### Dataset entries

==================================================

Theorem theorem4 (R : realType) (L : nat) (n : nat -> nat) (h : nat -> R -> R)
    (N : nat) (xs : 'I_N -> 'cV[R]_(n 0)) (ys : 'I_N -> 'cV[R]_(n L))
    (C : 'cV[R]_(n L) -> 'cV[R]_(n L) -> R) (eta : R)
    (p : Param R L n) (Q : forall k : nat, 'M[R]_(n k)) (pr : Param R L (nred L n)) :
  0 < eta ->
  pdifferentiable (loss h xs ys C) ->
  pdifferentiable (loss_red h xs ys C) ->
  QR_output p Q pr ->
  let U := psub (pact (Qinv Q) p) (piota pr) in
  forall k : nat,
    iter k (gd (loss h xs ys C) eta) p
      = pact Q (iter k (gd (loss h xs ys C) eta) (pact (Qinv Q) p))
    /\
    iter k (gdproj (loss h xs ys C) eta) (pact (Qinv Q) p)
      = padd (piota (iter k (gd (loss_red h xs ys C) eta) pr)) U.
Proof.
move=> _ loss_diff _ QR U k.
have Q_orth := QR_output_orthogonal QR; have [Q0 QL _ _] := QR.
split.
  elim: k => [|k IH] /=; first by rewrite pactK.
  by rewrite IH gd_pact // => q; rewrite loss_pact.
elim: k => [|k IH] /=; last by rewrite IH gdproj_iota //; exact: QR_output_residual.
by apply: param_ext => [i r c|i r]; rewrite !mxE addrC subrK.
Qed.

==================================================

### Assignment
Return all the data above once more, precisely as given.

### Response area
Theorem theorem4 (R : realType) (L : nat) (n : nat -> nat) (h : nat -> R -> R)
    (N : nat) (xs : 'I_N -> 'cV[R]_(n 0)) (ys : 'I_N -> 'cV[R]_(n L))
    (C : 'cV[R]_(n L) -> 'cV[R]_(n L) -> R) (eta : R)
    (p : Param R L n) (Q : forall k : nat, 'M[R]_(n k)) (pr : Param R L (nred L n)) :
  0 < eta ->
  pdifferentiable (loss h xs ys C) ->
  pdifferentiable (loss_red h xs ys C) ->
  QR_output p Q pr ->
  let U := psub (pact (Qinv Q) p) (piota pr) in
  forall k : nat,
    iter k (gd (loss h xs ys C) eta) p
      = pact Q (iter k (gd (loss h xs ys C) eta) (pact (Qinv Q) p))
    /\
    iter k (gdproj (loss h xs ys C) eta) (pact (Qinv Q) p)
      = padd (piota (iter k (gd (loss_red h xs ys C) eta) pr)) U.
Proof.
move=> _ loss_diff _ QR U k.
have Q_orth := QR_output_orthogonal QR; have [Q0 QL _ _] := QR.
split.
  elim: k => [|k IH] /=; first by rewrite pactK.
  by rewrite IH gd_pact // => q; rewrite loss_pact.
elim: k => [|k IH] /=; last by rewrite IH gdproj_iota //; exact: QR_output_residual.
by apply: param_ext => [i r c|i r]; rewrite !mxE addrC subrK.
Qed.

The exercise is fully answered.